Obviously, if it is raining, you are going to get wet. You’re probably not going to carry an umbrella around with you. So, you are going to want to wear water-resistant clothing to keep you as dry as possible. Water-resistant hats may be hard to find, so there is a good chance your head is going to get wet.
Your other clothing such as jackets, pants, gloves, etc may be water-resistant but eventually, they are going to get soaked and moisture will begin to penetrate them. Once you begin to get wet, you are going to start getting cold even if you are skiing in 50 to 60-degree temperatures.
You may need to worry about other things such as your phone, wallet or anything else you carry with you getting wet. If it is raining for a good part of the day, plan on being completely soaked by the time you take your final run.

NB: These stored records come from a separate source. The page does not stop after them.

(* The generic bigop lemmas return terms whose operators are these canonical
   instances rather than [Rplus] and [Rmult], which [ring] and [lra] do not
   recognise; the [Rsum_] restatements below hide them. *)
HB.instance Definition _ := Monoid.isComLaw.Build R 0 Rplus
  (fun a b c => esym (Rplus_assoc a b c)) Rplus_comm Rplus_0_l.
HB.instance Definition _ := Monoid.isComLaw.Build R 1 Rmult
  (fun a b c => esym (Rmult_assoc a b c)) Rmult_comm Rmult_1_l.
HB.instance Definition _ := Monoid.isMulLaw.Build R 0 Rmult Rmult_0_l Rmult_0_r.
HB.instance Definition _ := Monoid.isAddLaw.Build R Rmult Rplus
  Rmult_plus_distr_r Rmult_plus_distr_l.

Lemma Rsum_le (I : Type) (r : seq I) (P : pred I) (F G : I -> R) :
  (forall i, P i -> F i <= G i) -> \sum_(i <- r | P i) F i <= \sum_(i <- r | P i) G i.
Proof. by move=> FG; apply: (big_ind2 (fun a b => a <= b)) => [|*|i /FG]; lra. Qed.

Lemma Rsum_ge0 (I : Type) (r : seq I) (P : pred I) (F : I -> R) :
  (forall i, P i -> 0 <= F i) -> 0 <= \sum_(i <- r | P i) F i.
Proof. by move=> F0; apply: (big_ind (fun a => 0 <= a)) => [|*|i /F0]; lra. Qed.

Lemma Rabs_sum_le (I : Type) (r : seq I) (P : pred I) (F : I -> R) :
  Rabs (\sum_(i <- r | P i) F i) <= \sum_(i <- r | P i) Rabs (F i).
Proof.
apply: (big_ind2 (fun a b => Rabs a <= b)) => [|a b c d|i _]; last lra.
- by rewrite Rabs_R0; lra.
- by have := Rabs_triang a c; lra.
Qed.

Lemma Rsum_distrr (I : Type) (r : seq I) (P : pred I) (F : I -> R) (c : R) :
  c * \sum_(i <- r | P i) F i = \sum_(i <- r | P i) (c * F i).
Proof. exact: big_distrr. Qed.

Lemma Rsum_distrl (I : Type) (r : seq I) (P : pred I) (F : I -> R) (c : R) :
  (\sum_(i <- r | P i) F i) * c = \sum_(i <- r | P i) (F i * c).
Proof. exact: big_distrl. Qed.

Lemma Rsum_split (I : Type) (r : seq I) (P : pred I) (F G : I -> R) :
  \sum_(i <- r | P i) (F i + G i) = \sum_(i <- r | P i) F i + \sum_(i <- r | P i) G i.
Proof. exact: big_split. Qed.

Lemma Rsum_exchange (I J : finType) (F : I -> J -> R) :
  \sum_(i : I) \sum_(j : J) F i j = \sum_(j : J) \sum_(i : I) F i j.
Proof. exact: exchange_big. Qed.

Lemma Rsum_const (I : finType) (c : R) : \sum_(i : I) c = INR #|I| * c.
Proof.
rewrite big_const; elim: #|I| => [|m IHm] /=; first lra.
rewrite IHm; case: m IHm => [|m] _ /=; lra.
Qed.

Lemma Rsum_ge_term (I : finType) (P : pred I) (F : I -> R) (j : I) :
  P j -> (forall i, P i -> 0 <= F i) -> F j <= \sum_(i | P i) F i.
Proof.
move=> Pj F0; rewrite (bigD1 j) //=.
have : 0 <= \sum_(i | P i && (i != j)) F i.
  by apply: Rsum_ge0 => i /andP [Pi _]; apply: F0.
lra.
Qed.

Lemma Rsum_sqr (I : finType) (a : I -> R) :
  (\sum_(i : I) a i) ^ 2 = \sum_(i : I) \sum_(j : I) (a i * a j).
Proof. by rewrite /= Rmult_1_r big_distrlr. Qed.

Lemma exchange_big4 (I J : finType) (H : I -> I -> J -> J -> R) :
  \sum_(i : I) \sum_(i' : I) \sum_(j : J) \sum_(j' : J) H i i' j j' =
  \sum_(j : J) \sum_(j' : J) \sum_(i : I) \sum_(i' : I) H i i' j j'.
Proof.
under eq_bigr => i _ do rewrite Rsum_exchange.
under eq_bigr => i _ do under eq_bigr => j _ do rewrite Rsum_exchange.
rewrite Rsum_exchange; apply: eq_bigr => j _.
by rewrite Rsum_exchange.
Qed.

Lemma Rprod_bounds (T : Type) (r : seq T) (f : T -> R) (lo hi : R) :
  0 <= lo -> (forall i, List.In i r -> lo <= f i <= hi) ->
  lo ^ size r <= \big[Rmult/1]_(i <- r) f i <= hi ^ size r.
Proof.
move=> lo0; elim: r => [|x r IHr] fb; first by rewrite big_nil /=; lra.
rewrite big_cons /=.
have [fx_lo fx_hi] := fb x (or_introl erefl).
have [r_lo r_hi] := IHr (fun i ri => fb i (or_intror ri)).
have := pow_le _ (size r) lo0.
by split; apply: Rmult_le_compat => //; lra.
Qed.

Lemma Rabs_le_AMGM (b t : R) : 0 < t -> Rabs b <= t / 2 + b ^ 2 / (2 * t).
Proof.
move=> t0.
have -> : b ^ 2 = Rabs b ^ 2 by rewrite -!Rsqr_pow2 Rsqr_abs.
have -> : t / 2 + Rabs b ^ 2 / (2 * t) = Rabs b + (Rabs b - t) ^ 2 / (2 * t)
  by field; lra.
have : 0 <= (Rabs b - t) ^ 2 / (2 * t).
  by apply: Rle_mult_inv_pos; [apply: pow2_ge_0 | lra].
lra.
Qed.

Definition expect (S : finType) (w g : S -> R) : R := \sum_(s : S) (w s * g s).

Ice can be a skier’s enemy and if it’s raining out on the mountain you can almost be certain that there will be frozen surfaces. This can make it very hard to stop and very hard to make turns and cuts. Almost every skier knows what it is like to hit a patch of ice and wipe out.
The warm, wet precipitation is also likely to turn some of the snow into slush. Running into slushy snow is not quite as dangerous as ice but it can slow you down quite abruptly if you hit a large area of it. It is more of a nuisance than a danger but still may be something that you will have to deal with on a wet day.
Your ability to see clearly can be affected in multiple ways. If it is a downpour, you definitely won’t be able to see too far in front of you. Even a light rain may cause mist and fog which will also make it difficult to see into the distance. Precipitation also tends to cause problems with your ski goggles. Water build-up, fogging, and water turning to ice on the outside of them are all possible issues that you may have to deal with.
Advantages to Skiing in the Rain
Are there really any advantages to skiing in the rain? They are kind of hard to come up with but there are a few. Let’s take a look and see what they are.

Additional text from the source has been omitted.